Deze studie kent een aantal beperkingen. Een methodologische beperking in het huidige onderzoek is dat er een groot verschil zit tussen het aantal respondenten wat

aangegeven heeft gender conform en gender non-conform te zijn. De groep gender conforme adolescenten was aanzienlijk groter dan de groep gender non-conforme adolescenten.

Aangezien de groep gender non-conforme adolescenten relatief klein was, neemt de kans dat verschillen en effecten per toeval gevonden zijn, toe (Bryman, 2016). Ten tweede is het huidige onderzoek een cross-sectioneel onderzoek. Hierdoor is het onmogelijk om de richting van de gevonden verbanden te onderzoeken en hier uitspraken over te doen.

(18)

Ten derde is in dit onderzoek gebruik gemaakt van een vragenlijst. De respondenten namen door middel van zelf-rapportage deel aan het onderzoek. Hierdoor kon de respondent niet vrij zijn verhaal vertellen en was er een kans op sociaal wenselijke antwoorden, ook al was het invullen van de vragenlijst anoniem. Tot slot kwamen alle respondenten uit eenzelfde regio. Mogelijk wordt het hierdoor moeilijk om de resultaten te generaliseren.

Naast beperkingen zijn er ook een aantal sterke punten in dit onderzoek. Het huidige onderzoek draagt bij aan de actualiteit. Gender non-conformiteit wordt een steeds groter onderdeel van de hedendaagse samenleving (Caenegem et al., 2015). Daarnaast draagt dit onderzoek bij aan nieuwe inzichten met betrekking tot gender non-conforme adolescenten. Onderzoek onder gender non-conforme adolescenten is schaars (Hatzenbuehler, 2009), dit onderzoek geeft enkele aanvullingen op onderzoek naar gender non-conformiteit.

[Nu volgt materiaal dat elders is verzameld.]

(* Let $p_1,\ldots,p_m\in\mathbb Z_{>0}$, $p=\operatorname{lcm}(p_1,\ldots,p_m)$, let $\alpha_1,\ldots,\alpha_m$ be words, $e_1,\ldots,e_m\in\mathbb Z_{\ge0}$, and $z,q\in\mathbb C$. Then for every positive integer $k$, \[ S(k)=\sum_{n=1}^{k}z^n n^q\prod_{j=1}^{m}\mathcal H_{\alpha_j}(p_jn)^{e_j}\in\operatorname{span}_{\mathbb C}\{\mathcal H_\beta(pk)\}_\beta, \] where $\beta$ ranges over words.
   Context: A letter is a pair $(r,s)\in\mathbb C^2$ and a word is a finite sequence of letters. For a word $\alpha=((r_1,s_1),\ldots,(r_d,s_d))$ and a positive integer $N$, \[ \mathcal H_{\alpha}(N)=\sum_{N\ge n_1>\cdots>n_d\ge1}\prod_{i=1}^{d}\frac{s_i^{n_i}}{n_i^{r_i}},\qquad \mathcal H_\emptyset(N)=1, \] with $n^r=\exp(r\log n)$ using the real logarithm. *)

From Stdlib Require Import Reals List Arith.
From Coquelicot Require Import Coquelicot.
Open Scope C_scope.

Definition Cexp (z : C) : C :=
  (exp (Re z) * cos (Im z), exp (Re z) * sin (Im z))%R.

Definition npow (n : nat) (r : C) : C := Cexp (r * RtoC (ln (INR n))).

Fixpoint Cpown (s : C) (n : nat) : C :=
  match n with O => 1 | S k => s * Cpown s k end.

Fixpoint sum1 (f : nat -> C) (N : nat) : C :=
  match N with O => 0 | S M => sum1 f M + f (S M) end.

Fixpoint prod0 (f : nat -> C) (m : nat) : C :=
  match m with O => 1 | S k => prod0 f k * f k end.

Definition letter := (C * C)%type.
Definition word := list letter.

(* H_alpha(N) = sum_{N >= n_1 > ... > n_d >= 1} prod_i s_i^{n_i} / n_i^{r_i},
   computed by the recursion on the first letter:
   H_{(r,s)::alpha}(N) = sum_{n=1}^N s^n / n^r * H_alpha(n-1). *)
Fixpoint H (alpha : word) (N : nat) : C :=
  match alpha with
  | nil => 1
  | (r, s) :: beta => sum1 (fun n => Cpown s n / npow n r * H beta (n - 1)) N
  end.

Definition lcm_list (p : nat -> nat) (m : nat) : nat :=
  fold_right Nat.lcm 1%nat (map p (seq 0 m)).

Definition Ssum (m : nat) (p : nat -> nat) (alpha : nat -> word) (e : nat -> nat)
  (z q : C) (k : nat) : C :=
  sum1 (fun n => Cpown z n * npow n q *
                 prod0 (fun j => Cpown (H (alpha j) (p j * n)) (e j)) m) k.

Definition Hcomb (l : list (C * word)) (N : nat) : C :=
  fold_right (fun cb acc => fst cb * H (snd cb) N + acc) 0 l.

From Stdlib Require Import Reals List Arith Lia Lra.
From Coquelicot Require Import Coquelicot.
Open Scope C_scope.

(* Let V be the C-span of the sequences N |-> H_beta(N). Since
   H_{(r,s) beta}(N) = sum_{n <= N} s^n n^-r H_beta(n-1), V is stable under
   g |-> sum_{n <= N} s^n n^-r g(n-1), under g |-> sum_{n <= N} s^n n^-r g(n)
   (split g(n) = g(n-1) + last term and merge the two letters), and under
   products (the quasi-shuffle recursion). To change the argument from n to d n,
   note that the letter M |-> [d | M] s^(M/d) (M/d)^-r is, for M >= 1, the
   combination d^r/d sum_(j=1..d) (w^j sigma)^M M^-r over the d-th roots of unity
   w^j, where sigma^d = s. Hence each n |-> H_alpha(p_j n) is the restriction of an
   element of V to the multiples of p = lcm p_j, so is the product, and one more
   filtered letter z^n n^q turns the partial sums S(k) into an element of V read
   at p k. *)

Lemma Cpown_Cpow : Cpown = Cpow.
Proof. reflexivity. Qed.

Lemma INR_C_neq0 (d : nat) : (0 < d)%nat -> RtoC (INR d) <> 0.
Proof.
  intros Hd E. apply (f_equal fst) in E. simpl in E.
  apply (not_0_INR d); [lia | exact E].
Qed.

Lemma Cexp_add (a b : C) : Cexp (a + b) = Cexp a * Cexp b.
Proof.
  destruct a as [a1 a2], b as [b1 b2]. unfold Cexp, Cmult, Cplus. simpl.
  rewrite exp_plus, cos_plus, sin_plus. f_equal; ring.
Qed.

Lemma Cexp_0 : Cexp 0 = 1.
Proof.
  unfold Cexp. simpl. rewrite exp_0, cos_0, sin_0.
  apply injective_projections; simpl; ring.
Qed.

Lemma Cexp_neq0 (a : C) : Cexp a <> 0.
Proof.
  destruct a as [a b]. unfold Cexp. simpl. intro E.
  assert (E1 := f_equal fst E). assert (E2 := f_equal snd E). simpl in E1, E2.
  assert (He := exp_pos a). assert (Hs := sin2_cos2 b). unfold Rsqr in Hs.
  apply Rmult_integral in E1. apply Rmult_integral in E2.
  destruct E1 as [E1|E1]; [lra|]. destruct E2 as [E2|E2]; [lra|].
  rewrite E1, E2 in Hs. lra.
Qed.

Lemma Cexp_pow (a : C) (n : nat) : Cexp a ^ n = Cexp (INR n * a).
Proof.
  induction n as [|n IH]; simpl Cpow.
  - replace (RtoC (INR 0) * a) with (RtoC 0) by (simpl; ring). now rewrite Cexp_0.
  - rewrite IH, <- Cexp_add, S_INR, RtoC_plus. f_equal. ring.
Qed.

(* Polar form: [s = |s| (x + i y)] with [x^2 + y^2 = 1] and angle [± acos x]. *)
Lemma Cexp_surj (s : C) : s <> 0 -> exists w, Cexp w = s.
Proof.
  destruct s as [a b]. intros Hs.
  assert (Hab : (0 < a * a + b * b)%R).
  { destruct (Req_dec a 0) as [Ha|Ha]; destruct (Req_dec b 0) as [Hb|Hb].
    - subst. exfalso. apply Hs. reflexivity.
    - nra. - nra. - nra. }
  set (rho := sqrt (a * a + b * b)).
  assert (Hr : (0 < rho)%R) by (apply sqrt_lt_R0; exact Hab).
  assert (Hr2 : (rho * rho = a * a + b * b)%R) by (apply sqrt_sqrt; lra).
  set (x := (a / rho)%R). set (y := (b / rho)%R).
  assert (Hxy : (x * x + y * y = 1)%R).
  { assert (E : (x * x + y * y = (a * a + b * b) / (rho * rho))%R)
      by (unfold x, y; field; lra).
    rewrite E, <- Hr2. field. lra. }
  assert (Hx : (-1 <= x <= 1)%R) by nra.
  assert (Hsq : sqrt (1 - x²) = Rabs y).
  { rewrite <- sqrt_Rsqr_abs. f_equal. unfold Rsqr. lra. }
  destruct (Rle_or_lt 0 y) as [Hy|Hy].
  - exists (ln rho, acos x). unfold Cexp. simpl.
    rewrite exp_ln, cos_acos, sin_acos, Hsq, Rabs_right by (assumption || lra).
    unfold x, y. f_equal; field; lra.
  - exists (ln rho, - acos x)%R. unfold Cexp. simpl.
    rewrite exp_ln, cos_neg, sin_neg, cos_acos, sin_acos, Hsq, Rabs_left
      by (assumption || lra).
    unfold x, y. f_equal; field; lra.
Qed.

Lemma Cpow_root_exists (s : C) (d : nat) : (0 < d)%nat -> exists sigma, sigma ^ d = s.
Proof.
  intros Hd. destruct (Ceq_dec s 0) as [->|Hs].
  - exists 0. destruct d as [|d]; [lia|]. simpl. ring.
  - destruct (Cexp_surj s Hs) as [w <-]. exists (Cexp (w / INR d)).
    rewrite Cexp_pow. f_equal. field. now apply INR_C_neq0.
Qed.

Lemma npow_add (n : nat) (a b : C) : npow n (a + b) = npow n a * npow n b.
Proof. unfold npow. rewrite <- Cexp_add. f_equal. ring. Qed.

Lemma npow_neq0 (n : nat) (a : C) : npow n a <> 0.
Proof. apply Cexp_neq0. Qed.

Lemma npow_mul (d m : nat) (r : C) :
  (0 < d)%nat -> (0 < m)%nat -> npow (d * m) r = npow d r * npow m r.
Proof.
  intros Hd Hm. unfold npow. rewrite <- Cexp_add, mult_INR, ln_mult, RtoC_plus.
  - f_equal. ring.
  - apply lt_0_INR; lia.
  - apply lt_0_INR; lia.
Qed.

Lemma npow_opp (n : nat) (r : C) : npow n (- r) = / npow n r.
Proof.
  assert (Hinv : npow n (- r) * npow n r = 1).
  { rewrite <- npow_add. unfold npow. rewrite <- Cexp_0. f_equal. ring. }
  rewrite <- (Cmult_1_l (/ npow n r)), <- Hinv. field. apply npow_neq0.
Qed.

Definition root_unity (d : nat) : C := Cexp (0%R, (2 * PI / INR d)%R).

Lemma root_unity_pow (d n : nat) :
  root_unity d ^ n = (cos (INR n * (2 * PI / INR d)), sin (INR n * (2 * PI / INR d))).
Proof.
  unfold root_unity. rewrite Cexp_pow.
  replace (RtoC (INR n) * (0%R, (2 * PI / INR d)%R))
    with ((0%R, (INR n * (2 * PI / INR d))%R) : C)
    by (apply injective_projections; simpl; ring).
  unfold Cexp. simpl. now rewrite exp_0, !Rmult_1_l.
Qed.

Lemma root_unity_pow_order (d : nat) : (0 < d)%nat -> root_unity d ^ d = 1.
Proof.
  intros Hd. rewrite root_unity_pow.
  replace (INR d * (2 * PI / INR d))%R with (2 * PI)%R
    by (field; apply not_0_INR; lia).
  now rewrite cos_2PI, sin_2PI.
Qed.

Lemma root_unity_pow_neq1 (d r : nat) : (0 < r < d)%nat -> root_unity d ^ r <> 1.
Proof.
  intros Hr E. rewrite root_unity_pow in E.
  assert (E1 := f_equal fst E). assert (E2 := f_equal snd E). simpl in E1, E2.
  set (x := (INR r * (2 * PI / INR d))%R) in *.
  assert (Hd : (0 < INR d)%R) by (apply lt_0_INR; lia).
  assert (Hrp : (0 < INR r)%R) by (apply lt_0_INR; lia).
  assert (Hrd : (INR r < INR d)%R) by (apply lt_INR; lia).
  assert (Hpi := PI_RGT_0).
  assert (Hx : (x * INR d = 2 * PI * INR r)%R) by (unfold x; field; lra).
  assert (Hx0 : (0 < x)%R) by nra.
  assert (Hx1 : (x < 2 * PI)%R) by nra.
  destruct (sin_eq_0_0 x E2) as [k Hk].
  rewrite Hk in Hx0, Hx1.
  assert (Hk0 : (0 < IZR k)%R) by nra.
  assert (Hk1 : (IZR k < 2)%R) by nra.
  apply lt_IZR in Hk0. apply lt_IZR in Hk1.
  assert (k = 1%Z) as -> by lia.
  rewrite Hk, Rmult_1_l, cos_PI in E1. lra.
Qed.

Lemma root_unity_pow_mod (d M : nat) :
  (0 < d)%nat -> root_unity d ^ M = root_unity d ^ (M mod d).
Proof.
  intros Hd. rewrite (Nat.div_mod M d) at 1 by lia.
  rewrite Cpow_add_r, Cpow_mult_r, root_unity_pow_order, Cpow_1_l by exact Hd. ring.
Qed.

Lemma sum1_ext (f g : nat -> C) (N : nat) :
  (forall n, (1 <= n)%nat -> f n = g n) -> sum1 f N = sum1 g N.
Proof.
  intros E. induction N as [|N IH]; simpl; [reflexivity|]. now rewrite IH, E by lia.
Qed.

Lemma sum1_plus (f g : nat -> C) (N : nat) :
  sum1 (fun n => f n + g n) N = sum1 f N + sum1 g N.
Proof. induction N as [|N IH]; simpl; [ring|]. rewrite IH. ring. Qed.

Lemma sum1_scal_l (c : C) (f : nat -> C) (N : nat) :
  sum1 (fun n => c * f n) N = c * sum1 f N.
Proof. induction N as [|N IH]; simpl; [ring|]. rewrite IH. ring. Qed.

Lemma sum1_scal_r (c : C) (f : nat -> C) (N : nat) :
  sum1 (fun n => f n * c) N = sum1 f N * c.
Proof. induction N as [|N IH]; simpl; [ring|]. rewrite IH. ring. Qed.

Lemma sum1_exchange (A : nat -> nat -> C) (N d : nat) :
  sum1 (fun n => sum1 (fun j => A j n) d) N = sum1 (fun j => sum1 (A j) N) d.
Proof.
  induction N as [|N IH]; simpl.
  - induction d as [|d IHd]; simpl; [reflexivity|]. rewrite <- IHd. ring.
  - rewrite IH, <- sum1_plus. reflexivity.
Qed.

Lemma sum1_const (c : C) (d : nat) : sum1 (fun _ => c) d = INR d * c.
Proof.
  induction d as [|d IH]; simpl sum1; [simpl; ring|]. rewrite IH, S_INR, RtoC_plus. ring.
Qed.

Lemma sum1_geometric_root_unity (x : C) (d : nat) :
  x ^ d = 1 -> x <> 1 -> sum1 (fun j => x ^ j) d = 0.
Proof.
  intros Hd Hx.
  assert (Htel : forall n, (x - 1) * sum1 (fun j => x ^ j) n = x * x ^ n - x).
  { induction n as [|n IH]; simpl; [ring|]. rewrite Cmult_plus_distr_l, IH. ring. }
  assert (Hx1 : x - 1 <> 0) by now apply Cminus_eq_contra.
  specialize (Htel d). rewrite Hd in Htel.
  replace (sum1 (fun j => x ^ j) d) with ((x - 1) * sum1 (fun j => x ^ j) d / (x - 1))
    by (field; exact Hx1).
  rewrite Htel. field. exact Hx1.
Qed.

Lemma sum1_root_unity_pow (d M : nat) : (0 < d)%nat ->
  sum1 (fun j => (root_unity d ^ M) ^ j) d = if (M mod d =? 0)%nat then RtoC (INR d) else 0.
Proof.
  intros Hd. rewrite (root_unity_pow_mod d M Hd).
  destruct (Nat.eqb_spec (M mod d) 0) as [E|E].
  - rewrite E. simpl Cpow. rewrite (sum1_ext _ (fun _ => 1)), sum1_const
      by (intros; apply Cpow_1_l). ring.
  - apply sum1_geometric_root_unity.
    + now rewrite <- Cpow_mult_r, Nat.mul_comm, Cpow_mult_r, root_unity_pow_order, Cpow_1_l.
    + apply root_unity_pow_neq1. split; [lia|]. apply Nat.mod_upper_bound. lia.
Qed.

Lemma sum1_mul (x y : nat -> C) (N : nat) :
  sum1 x N * sum1 y N
  = sum1 (fun n => x n * sum1 y (n - 1) + y n * sum1 x (n - 1) + x n * y n) N.
Proof.
  induction N as [|N IH]; simpl sum1; [ring|].
  rewrite <- IH, Nat.sub_0_r. ring.
Qed.

Lemma sum1_dilate (d : nat) (f : nat -> C) :
  (0 < d)%nat -> (forall M, (M mod d <> 0)%nat -> f M = 0) ->
  forall n c, (c < d)%nat -> sum1 f (d * n + c) = sum1 (fun m => f (d * m)%nat) n.
Proof.
  intros Hd Hf.
  assert (Hrem : forall n c, (c < d)%nat -> sum1 f (d * n + c) = sum1 f (d * n)).
  { intros n c. induction c as [|c IH]; intros Hc; [now rewrite Nat.add_0_r|].
    rewrite Nat.add_succ_r. simpl sum1. rewrite IH by lia.
    rewrite Hf; [ring|].
    replace (S (d * n + c)) with (S c + n * d)%nat by lia.
    rewrite Nat.Div0.mod_add, Nat.mod_small; lia. }
  intros n c Hc. rewrite Hrem by exact Hc. clear c Hc.
  induction n as [|n IH]; [now rewrite Nat.mul_0_r|].
  replace (d * S n)%nat with (S (d * n + (d - 1))) at 1 by lia.
  simpl sum1. rewrite Hrem, IH by lia.
  now replace (S (d * n + (d - 1))) with (d * S n)%nat by lia.
Qed.

Definition Hspan (g : nat -> C) : Prop := exists l, forall N, g N = Hcomb l N.

Lemma Hspan_ext (f g : nat -> C) : (forall N, f N = g N) -> Hspan f -> Hspan g.
Proof. intros E [l Hl]. exists l. intros N. rewrite <- E. apply Hl. Qed.

Lemma Hspan_H (b : word) : Hspan (H b).
Proof. exists ((RtoC 1, b) :: nil). intros N. simpl. ring. Qed.

Lemma Hspan_const (c : C) : Hspan (fun _ => c).
Proof. exists ((c, nil) :: nil). intros N. simpl. ring. Qed.

Lemma Hcomb_app (l1 l2 : list (C * word)) (N : nat) :
  Hcomb (l1 ++ l2) N = Hcomb l1 N + Hcomb l2 N.
Proof. induction l1 as [|[c b] l1 IH]; simpl; [ring|]. rewrite IH. ring. Qed.

Lemma Hspan_plus (f g : nat -> C) : Hspan f -> Hspan g -> Hspan (fun N => f N + g N).
Proof.
  intros [l1 H1] [l2 H2]. exists (l1 ++ l2). intros N. now rewrite Hcomb_app, H1, H2.
Qed.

Een ander sterk punt is het gebruik van een relatief korte, duidelijk toegespitste vragenlijst. Hierdoor was het invullen van de vragenlijst geen enorme belasting voor de respondenten en was het voor hen makkelijker om zich goed op de vragen te kunnen

concentreren. Daarnaast is dit onderzoek één van de eerste onderzoeken waarin de vertaalde lijst voor gender non-conformiteit van Green et al. (2018) is gebruikt en een hoge

betrouwbaarheid had. Dit biedt nieuwe mogelijkheden voor toekomstige onderzoeken naar gender non-conformiteit. Deze vragenlijst vraagt tevens gender non-conformiteit op een zeer specifieke manier uit, vergeleken met ander gebruikte meetinstrumenten voor gender non-conformiteit (Wylie, Corliss, Boulanger, Prokop, & Austin, 2010).

Met vervolgonderzoek kan er gekeken worden naar andere internaliserende problemen die een rol spelen in de relatie tussen gender non-conformiteit en motieven tot alcoholgebruik. Naast zelfrapportages zal er gebruik gemaakt kunnen worden van andere bronnen, zoals het gezin, leeftijdsgenoten, leerkrachten en naast een vragenlijst zal er ook gebruik gemaakt kunnen worden van interviews. Dit kan zorgen voor een completer en betrouwbaarder beeld.

(19)

Daarnaast is het zinvol om te starten met een longitudinaal onderzoek. Hierdoor zal er meer inzicht komen in causale verbanden en hoe de verbanden veranderen over de tijd. In vervolgonderzoek is het ook het overwegen waard om de groep niet-drinkers mee te nemen in het onderzoek. Dit geeft mogelijk een completer beeld en meer informatie. Ook het uitbreiden van het onderzoeksgebied is van belang in vervolgonderzoek, zo kunnen resultaten beter gegeneraliseerd worden.

Tot slot is het interessant voor vervolgonderzoek om de invloed van veerkracht mee te nemen. Veerkracht kan ervoor zorgen dat individuen middelen ontwikkelen om, bijvoorbeeld beter om te gaan met stress (Fergus & Zimmerman, 2005). Mogelijk heeft dit nog invloed op de relatie tussen gender non-conforme adolescenten, eigenwaarde en alcoholgebruik.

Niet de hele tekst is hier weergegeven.